5. AI welfare research requires spectrum thinking.
People often frame questions about animal minds in binary, all-or-nothing terms. For instance, we might ask whether animals have language and reason, rather than asking what kinds of language and reason they have and lack. Yet many animals have the same capacities as humans in some respects but not in others. For example, many animals are capable of sharing information with each other, but not via the same general, flexible, recursive kind of syntax that humans can use. (Of course, this point applies in the other direction as well; for example, many humans are capable of seeing colors, but not as many as many birds can see.) In the future, a similar point will apply to digital minds. Where possible, instead of simply asking whether AI systems have particular capacities, we should ask what kinds they have and lack.

6. AI welfare research requires particularistic thinking.
People also often frame questions about animal minds in general terms.
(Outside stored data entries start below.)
Lemma Pr_bigU_disjoint (T : eqType) (X : T -> Omega -> Prop) (s : seq T) :
  uniq s -> (forall j, meas PS (X j)) ->
  (forall j k w, j != k -> X j w -> X k w -> False) ->
  Pr PS (fun w => exists2 j, j \in s & X j w) = \sum_(j <- s) Pr PS (X j).
Proof.
move=> us mX disj; elim: s us => [|x s IHs] /=.
  by move=> _; rewrite big_nil -Pr0; apply: Pr_ext => w; split => // -[].
move=> /andP[xs us]; rewrite big_cons -IHs // -Pr_add //; last first.
- move=> w Xx [j js Xj]; apply: (disj x j w) => //.
  by apply: contraNneq xs => ->.
- exact: meas_bigU.
apply: Pr_ext => w; split => [[j]|[Xx|[j js Xj]]]; [|by exists x; rewrite ?inE ?eqxx|].
  by rewrite inE => /predU1P[-> Xx|js Xj]; [left | right; exists j].
by exists j; rewrite // inE js orbT.
Qed.

End FiniteAdditivity.

Lemma pdecP (P : Prop) : pdec P <-> P.
Proof. by rewrite /pdec; case: excluded_middle_informative. Qed.

Section Atoms.

Variables (R : realFieldType) (V : finType) (Omega : Type) (PS : probSpace R Omega).
Variable A : V -> Omega -> Prop.
Hypothesis measA : forall v, meas PS (A v).

Definition atom_of (w : Omega) : {set V} := [set i | pdec (A i w)].

Lemma atomB_of w : atomB A (atom_of w) w.
Proof.
split=> i; rewrite inE; first by move/pdecP.
by move=> /negP nA /pdecP.
Qed.

Lemma atomB_uniq (J J' : {set V}) w : atomB A J w -> atomB A J' w -> J = J'.
Proof.
move=> [JA AJ] [J'A AJ']; apply/setP=> i; apply/idP/idP => iJ.
  by apply: contraT => /AJ'; move/(_ (JA _ iJ)).
by apply: contraT => /AJ; move/(_ (J'A _ iJ)).
Qed.

Lemma meas_atomB J : meas PS (atomB A J).
Proof.
apply: meas_ext (meas_inter (meas_bigI (enum J) measA)
                            (meas_bigI (enum (~: J)) (fun i => meas_compl (measA i)))).
by move=> w; split=> -[JA AJ]; split=> i; move: (JA i) (AJ i); rewrite ?mem_enum ?inE.
Qed.

Lemma Pr_atomB0 J : ~ (exists w, atomB A J w) -> Pr PS (atomB A J) = 0.
Proof. by move=> noJ; rewrite -(Pr0 PS); apply: Pr_ext => w; split => // Jw; apply: noJ; exists w. Qed.

Lemma Pr_atomB_sum (Q : pred {set V}) :
  Pr PS (fun w => Q (atom_of w)) = \sum_(J | Q J) Pr PS (atomB A J).
Proof.
have disj J J' w : J != J' -> atomB A J w -> atomB A J' w -> False.
  by move=> /eqP JJ' Jw J'w; apply: JJ'; apply: atomB_uniq Jw J'w.
rewrite -big_enum -(Pr_bigU_disjoint (enum_uniq _) meas_atomB disj).
apply: Pr_ext => w; split => [Qw|[J JQ Jw]].
  by exists (atom_of w); [rewrite mem_enum | exact: atomB_of].
by rewrite mem_enum in JQ; rewrite (atomB_uniq (atomB_of w) Jw).
Qed.

Lemma Pr_interA I : Pr PS (interA A I) = \sum_(J : {set V} | I \subset J) Pr PS (atomB A J).
Proof.
rewrite -Pr_atomB_sum; apply: Pr_ext => w; split => [IA|/subsetP IJ i /IJ].
  by apply/subsetP => i /IA Aiw; rewrite inE; apply/pdecP.
by rewrite inE => /pdecP.
Qed.

Lemma Pr_unionA : Pr PS (unionA A) = \sum_(J : {set V} | J != set0) Pr PS (atomB A J).
Proof.
rewrite -Pr_atomB_sum; apply: Pr_ext => w; split => [[v Avw]|/set0Pn[v]].
  by apply/set0Pn; exists v; rewrite inE; apply/pdecP.
by rewrite inE => /pdecP; exists v.
Qed.

Lemma sum_cliques_atoms (e : rel V) m :
  \sum_(I : {set V} | clique e I && (#|I| <= m)%N) (-1) ^+ (#|I| - 1) * Pr PS (interA A I)
  = \sum_(J : {set V}) Pr PS (atomB A J) * clique_sum R e m J.
Proof.
under eq_bigr => I _ do rewrite Pr_interA big_distrr.
rewrite (exchange_big_dep xpredT) //=; apply: eq_bigr => J _.
rewrite /clique_sum big_distrr; apply: eq_big => [I|I _]; last by rewrite mulrC.
by case: (clique e I); case: (I \subset J); case: (#|I| <= m)%N.
Qed.

Section Alpha.

Variable e : rel V.
Hypothesis e_sym : symmetric e.

Lemma alpha'_ge J : J != set0 -> (exists w, atomB A J w) -> (ncomp e J <= alpha' e A)%N.
Proof.
by move=> J0 Jw; rewrite -ncomp_inducedE //; apply: leq_bigmax_cond; rewrite J0; apply/pdecP.
Qed.

Lemma alpha'_gt0 : (exists w v, A v w) -> (0 < alpha' e A)%N.
Proof.
move=> [w [v Avw]]; have vJ : v \in atom_of w by rewrite inE; apply/pdecP.
apply: leq_trans (alpha'_ge _ _); last by exists w; apply: atomB_of.
  by rewrite card_gt0; apply/set0Pn; exists (component e (atom_of w) v); apply: imset_f.
by apply/set0Pn; exists v.
Qed.

Lemma sum_atoms_ncomp_le :
  \sum_(J : {set V}) Pr PS (atomB A J) * (ncomp e J)%:R <= (alpha' e A)%:R * Pr PS (unionA A).
Proof.
rewrite (bigD1 set0) //= ncomp0 mulr0 add0r Pr_unionA mulr_sumr; apply: ler_sum => J J0.
have [Jw|noJ] := classic (exists w, atomB A J w); last by rewrite Pr_atomB0 // mul0r mulr0.
rewrite mulrC; apply: ler_wpM2r; first exact/Pr_ge0/meas_atomB.
by rewrite ler_nat alpha'_ge.
Qed.

Lemma sum_atoms_ncomp_connected :
  (forall J : {set V}, J != set0 -> (exists w, atomB A J w) -> ncomp_induced e J = 1%N) ->
  \sum_(J : {set V}) Pr PS (atomB A J) * (ncomp e J)%:R = Pr PS (unionA A).
Proof.
move=> conn; rewrite (bigD1 set0) //= ncomp0 mulr0 add0r Pr_unionA; apply: eq_bigr => J J0.
have [Jw|noJ] := classic (exists w, atomB A J w); last by rewrite Pr_atomB0 // mul0r.
by rewrite -ncomp_inducedE // conn // mulr1.
Qed.

End Alpha.

End Atoms.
For instance, we might ask whether nonhuman primates have language and reason, rather than asking whether, say, chimpanzees or bonobos do (or, better yet, what kinds of language and reason chimpanzees or bonobos have and lack). And as we move farther away from humanity on the tree of life, the diversity of nonhuman minds increases, as does our tendency to lump them all together. But of course, there are many differences both within and across species. How, say, bumblebees communicate and solve problems is very different from how, say, carpenter ants do. In the future, a similar point will apply to digital minds. Where possible, instead of simply asking what AI minds are like, we should ask what particular kinds of AI minds are like.

7. AI welfare research requires probabilistic thinking.
As noted above, we may never be able to have certainty about animal minds. Instead, we may only be able to have higher or lower degrees of confidence. And as we move farther away from humanity on the tree of life, our uncertainty about animal minds increases. We thus need to factor our uncertainty into both our science and our ethics, by expressing our beliefs probabilistically (or, at least, in terms of high, medium, and low confidence), and by basing our actions on principles of risk (such as a precautionary principle or an expected value principle). In the future, a similar point will apply to digital minds. In general, instead of striving for a level of certainty about AI systems that will likely continue to elude us, we should develop methods for thinking about, and interacting with, AI systems that accommodate our uncertainty.

8. AI welfare research requires reflective equilibrium.
In discussions about animal minds, it can be tempting to treat the flow of information from the human context to the nonhuman context as a one-way street. We start with what we know about the human mind and then ask whether and to what degree these truths hold for nonhuman minds too. But the reality is that the flow of information is a two-way street. By asking what nonhuman minds are like, we can expand our understanding of the nature of perception, experience, communication, goal-directedness, and so on, and we can then apply this expanded understanding back to the human mind to an extent. In the future, a similar point will apply to digital minds. By treating the study of human, animal, and AI welfare as mutually reinforcing, researchers can increase the likelihood of new insights in all three areas.

9. AI welfare research requires conceptual engineering.
Many disagreements about animal minds are at least partly conceptual. For instance, when people disagree about whether insects feel pain, the crux is sometimes not whether insects have aversive states, but rather whether we should use the term ‘pain’ to describe them. In such cases, applying a familiar concept can increase the risk of excessive anthropomorphism, whereas applying an unfamiliar concept can increase the risk of excessive anthropodenial, and so a lot depends on which risk is worse. Many other disagreements have a similar character, including, for instance, disagreements about whether to use subject terms (‘they’) or object terms (‘it’) to describe animals. In the future, a similar point will apply to digital minds. Researchers will thus need to think about risk and uncertainty when selecting terminology as well.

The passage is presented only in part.